• PROBLEM REQUIREMENTS
From the entries that follow, pick out all lines holding "first".

• DATA FOR THIS TASK
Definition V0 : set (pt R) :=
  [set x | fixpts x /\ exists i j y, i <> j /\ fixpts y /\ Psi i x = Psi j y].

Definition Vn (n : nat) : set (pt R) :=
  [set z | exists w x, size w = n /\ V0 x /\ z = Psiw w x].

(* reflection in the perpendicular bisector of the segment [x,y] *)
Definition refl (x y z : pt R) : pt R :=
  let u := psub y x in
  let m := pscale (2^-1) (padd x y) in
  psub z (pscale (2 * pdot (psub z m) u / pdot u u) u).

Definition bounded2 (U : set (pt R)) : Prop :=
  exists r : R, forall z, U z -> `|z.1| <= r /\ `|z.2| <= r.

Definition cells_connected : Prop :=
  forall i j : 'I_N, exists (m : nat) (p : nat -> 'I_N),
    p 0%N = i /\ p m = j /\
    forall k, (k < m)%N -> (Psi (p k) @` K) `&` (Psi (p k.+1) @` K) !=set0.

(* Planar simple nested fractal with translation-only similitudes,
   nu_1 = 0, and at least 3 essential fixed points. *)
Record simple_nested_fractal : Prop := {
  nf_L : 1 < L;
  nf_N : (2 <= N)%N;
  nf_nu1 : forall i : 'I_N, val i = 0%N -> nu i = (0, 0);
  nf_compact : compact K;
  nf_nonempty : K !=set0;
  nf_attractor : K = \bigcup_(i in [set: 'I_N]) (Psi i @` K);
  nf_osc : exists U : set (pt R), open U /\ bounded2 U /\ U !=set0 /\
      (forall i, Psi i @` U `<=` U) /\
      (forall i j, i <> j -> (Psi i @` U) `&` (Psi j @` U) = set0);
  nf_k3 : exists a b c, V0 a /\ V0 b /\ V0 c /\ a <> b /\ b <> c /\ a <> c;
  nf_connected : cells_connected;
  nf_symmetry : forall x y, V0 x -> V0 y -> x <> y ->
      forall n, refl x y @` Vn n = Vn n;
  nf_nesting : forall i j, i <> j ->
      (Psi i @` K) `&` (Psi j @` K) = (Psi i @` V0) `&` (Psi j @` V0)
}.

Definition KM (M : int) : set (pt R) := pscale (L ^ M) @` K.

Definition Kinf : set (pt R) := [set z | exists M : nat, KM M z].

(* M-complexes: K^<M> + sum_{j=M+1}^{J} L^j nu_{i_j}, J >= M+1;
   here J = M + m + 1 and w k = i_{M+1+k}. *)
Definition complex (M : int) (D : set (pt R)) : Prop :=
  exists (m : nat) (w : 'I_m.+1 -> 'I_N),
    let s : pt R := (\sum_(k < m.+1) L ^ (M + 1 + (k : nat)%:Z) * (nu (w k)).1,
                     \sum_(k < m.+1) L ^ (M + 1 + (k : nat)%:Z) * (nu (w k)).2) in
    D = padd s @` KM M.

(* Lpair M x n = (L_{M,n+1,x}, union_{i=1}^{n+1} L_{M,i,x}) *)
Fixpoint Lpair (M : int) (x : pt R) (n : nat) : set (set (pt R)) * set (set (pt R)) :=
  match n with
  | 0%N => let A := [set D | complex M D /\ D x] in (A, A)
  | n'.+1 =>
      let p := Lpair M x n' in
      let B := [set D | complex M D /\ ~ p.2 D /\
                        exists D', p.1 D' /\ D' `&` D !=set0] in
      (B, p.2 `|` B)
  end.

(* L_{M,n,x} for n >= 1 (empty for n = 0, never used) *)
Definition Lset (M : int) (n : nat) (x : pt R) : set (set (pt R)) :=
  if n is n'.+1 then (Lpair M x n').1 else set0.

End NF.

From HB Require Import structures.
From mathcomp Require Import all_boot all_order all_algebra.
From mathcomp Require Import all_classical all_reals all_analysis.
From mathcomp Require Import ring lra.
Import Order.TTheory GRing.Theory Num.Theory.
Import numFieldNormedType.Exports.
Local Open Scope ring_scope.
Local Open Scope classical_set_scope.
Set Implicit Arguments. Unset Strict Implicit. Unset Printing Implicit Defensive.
--
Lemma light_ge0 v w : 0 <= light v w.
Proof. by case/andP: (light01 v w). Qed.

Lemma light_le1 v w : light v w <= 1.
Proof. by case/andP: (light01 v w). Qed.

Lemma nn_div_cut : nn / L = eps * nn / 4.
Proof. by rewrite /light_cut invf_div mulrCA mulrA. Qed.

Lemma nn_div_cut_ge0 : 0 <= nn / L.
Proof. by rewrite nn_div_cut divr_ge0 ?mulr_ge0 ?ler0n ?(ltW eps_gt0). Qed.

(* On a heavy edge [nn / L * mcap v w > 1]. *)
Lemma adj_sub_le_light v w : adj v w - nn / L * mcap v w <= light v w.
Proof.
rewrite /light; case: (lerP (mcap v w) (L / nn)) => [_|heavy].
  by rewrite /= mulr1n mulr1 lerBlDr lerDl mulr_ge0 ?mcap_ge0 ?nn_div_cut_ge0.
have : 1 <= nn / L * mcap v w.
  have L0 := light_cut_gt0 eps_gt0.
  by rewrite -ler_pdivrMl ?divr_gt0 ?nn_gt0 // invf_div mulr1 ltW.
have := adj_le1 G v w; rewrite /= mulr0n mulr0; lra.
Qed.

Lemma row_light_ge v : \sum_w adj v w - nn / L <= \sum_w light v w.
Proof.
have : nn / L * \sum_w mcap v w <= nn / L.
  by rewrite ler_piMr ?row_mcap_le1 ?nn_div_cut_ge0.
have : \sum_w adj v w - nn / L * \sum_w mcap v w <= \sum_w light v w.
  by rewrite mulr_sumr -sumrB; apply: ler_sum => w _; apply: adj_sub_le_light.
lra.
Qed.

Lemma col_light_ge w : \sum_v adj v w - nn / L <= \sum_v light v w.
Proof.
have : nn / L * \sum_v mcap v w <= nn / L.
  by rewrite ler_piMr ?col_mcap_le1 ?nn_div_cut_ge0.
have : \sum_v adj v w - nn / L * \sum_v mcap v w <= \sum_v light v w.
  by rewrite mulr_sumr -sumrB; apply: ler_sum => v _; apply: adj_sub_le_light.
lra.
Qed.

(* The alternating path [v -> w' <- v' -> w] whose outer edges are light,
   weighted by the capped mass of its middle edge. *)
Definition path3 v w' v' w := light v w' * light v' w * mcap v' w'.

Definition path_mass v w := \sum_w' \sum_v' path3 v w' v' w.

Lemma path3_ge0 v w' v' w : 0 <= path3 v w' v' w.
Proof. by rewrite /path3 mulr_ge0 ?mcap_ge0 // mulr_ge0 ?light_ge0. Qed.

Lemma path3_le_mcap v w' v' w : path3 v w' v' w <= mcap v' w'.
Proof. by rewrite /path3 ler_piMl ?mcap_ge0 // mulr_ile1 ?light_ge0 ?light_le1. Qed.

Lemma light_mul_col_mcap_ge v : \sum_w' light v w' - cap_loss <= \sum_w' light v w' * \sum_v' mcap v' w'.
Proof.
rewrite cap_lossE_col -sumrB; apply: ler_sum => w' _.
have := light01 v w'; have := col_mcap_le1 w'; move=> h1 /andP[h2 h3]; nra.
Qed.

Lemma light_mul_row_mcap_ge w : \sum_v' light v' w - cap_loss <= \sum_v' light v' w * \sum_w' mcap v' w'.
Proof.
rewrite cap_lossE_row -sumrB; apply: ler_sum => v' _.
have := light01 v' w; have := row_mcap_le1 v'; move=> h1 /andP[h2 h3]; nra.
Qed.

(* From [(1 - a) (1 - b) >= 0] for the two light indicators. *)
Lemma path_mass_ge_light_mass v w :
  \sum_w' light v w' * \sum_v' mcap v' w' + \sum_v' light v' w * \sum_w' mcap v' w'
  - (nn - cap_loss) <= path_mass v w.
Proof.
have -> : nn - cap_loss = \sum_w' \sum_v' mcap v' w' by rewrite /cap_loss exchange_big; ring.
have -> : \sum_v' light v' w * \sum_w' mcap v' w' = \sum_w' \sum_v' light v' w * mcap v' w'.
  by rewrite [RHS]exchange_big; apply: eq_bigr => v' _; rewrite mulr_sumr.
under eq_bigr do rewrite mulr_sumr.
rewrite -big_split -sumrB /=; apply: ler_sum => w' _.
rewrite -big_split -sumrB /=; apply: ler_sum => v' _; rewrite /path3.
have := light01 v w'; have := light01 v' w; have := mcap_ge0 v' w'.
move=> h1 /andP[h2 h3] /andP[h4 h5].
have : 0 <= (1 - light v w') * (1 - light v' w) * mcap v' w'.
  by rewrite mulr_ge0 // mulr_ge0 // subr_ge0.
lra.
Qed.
--
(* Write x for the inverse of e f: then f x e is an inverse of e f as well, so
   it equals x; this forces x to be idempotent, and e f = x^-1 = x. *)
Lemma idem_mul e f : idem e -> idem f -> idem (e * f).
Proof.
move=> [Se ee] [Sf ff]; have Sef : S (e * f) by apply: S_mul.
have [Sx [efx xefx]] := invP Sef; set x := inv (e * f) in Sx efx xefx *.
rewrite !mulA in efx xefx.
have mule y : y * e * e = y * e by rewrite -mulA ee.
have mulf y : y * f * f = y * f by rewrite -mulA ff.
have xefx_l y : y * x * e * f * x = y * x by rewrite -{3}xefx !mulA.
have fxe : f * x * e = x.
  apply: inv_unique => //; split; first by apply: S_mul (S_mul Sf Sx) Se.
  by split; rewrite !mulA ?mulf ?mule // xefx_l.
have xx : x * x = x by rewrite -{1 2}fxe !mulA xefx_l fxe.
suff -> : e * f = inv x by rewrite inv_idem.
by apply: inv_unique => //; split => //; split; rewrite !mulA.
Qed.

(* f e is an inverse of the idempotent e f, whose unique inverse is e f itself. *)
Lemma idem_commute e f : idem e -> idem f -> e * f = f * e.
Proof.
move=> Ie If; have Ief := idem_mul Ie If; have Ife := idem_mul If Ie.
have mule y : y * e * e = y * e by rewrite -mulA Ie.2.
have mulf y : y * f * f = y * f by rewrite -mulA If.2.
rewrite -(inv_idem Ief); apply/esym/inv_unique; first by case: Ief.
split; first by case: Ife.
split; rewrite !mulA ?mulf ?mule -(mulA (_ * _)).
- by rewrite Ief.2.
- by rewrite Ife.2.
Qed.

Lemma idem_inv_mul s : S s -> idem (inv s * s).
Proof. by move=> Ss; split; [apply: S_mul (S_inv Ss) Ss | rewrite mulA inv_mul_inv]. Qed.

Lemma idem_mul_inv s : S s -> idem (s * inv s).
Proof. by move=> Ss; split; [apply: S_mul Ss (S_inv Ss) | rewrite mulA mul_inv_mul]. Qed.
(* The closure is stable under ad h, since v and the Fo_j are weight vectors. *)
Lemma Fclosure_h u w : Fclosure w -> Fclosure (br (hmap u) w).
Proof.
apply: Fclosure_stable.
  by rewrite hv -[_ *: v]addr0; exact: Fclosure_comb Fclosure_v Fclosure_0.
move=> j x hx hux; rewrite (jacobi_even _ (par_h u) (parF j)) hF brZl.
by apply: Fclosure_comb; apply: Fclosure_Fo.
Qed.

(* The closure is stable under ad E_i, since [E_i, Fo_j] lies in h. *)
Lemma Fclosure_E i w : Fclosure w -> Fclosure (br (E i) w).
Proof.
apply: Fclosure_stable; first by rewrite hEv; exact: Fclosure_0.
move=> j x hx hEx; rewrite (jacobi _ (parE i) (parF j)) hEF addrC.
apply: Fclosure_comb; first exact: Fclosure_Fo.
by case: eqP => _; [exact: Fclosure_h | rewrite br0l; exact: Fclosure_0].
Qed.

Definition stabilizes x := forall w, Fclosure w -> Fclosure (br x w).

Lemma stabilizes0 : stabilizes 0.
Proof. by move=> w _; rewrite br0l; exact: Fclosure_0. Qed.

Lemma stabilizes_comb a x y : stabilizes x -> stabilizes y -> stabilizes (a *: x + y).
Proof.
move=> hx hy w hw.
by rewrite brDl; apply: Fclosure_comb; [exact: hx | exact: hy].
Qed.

• EXERCISE RESULT
  apply: inv_unique => //; split; first by apply: S_mul (S_mul Sf Sx) Se.
rewrite -(inv_idem Ief); apply/esym/inv_unique; first by case: Ief.
split; first by case: Ife.
apply: Fclosure_stable; first by rewrite hEv; exact: Fclosure_0.
apply: Fclosure_comb; first exact: Fclosure_Fo.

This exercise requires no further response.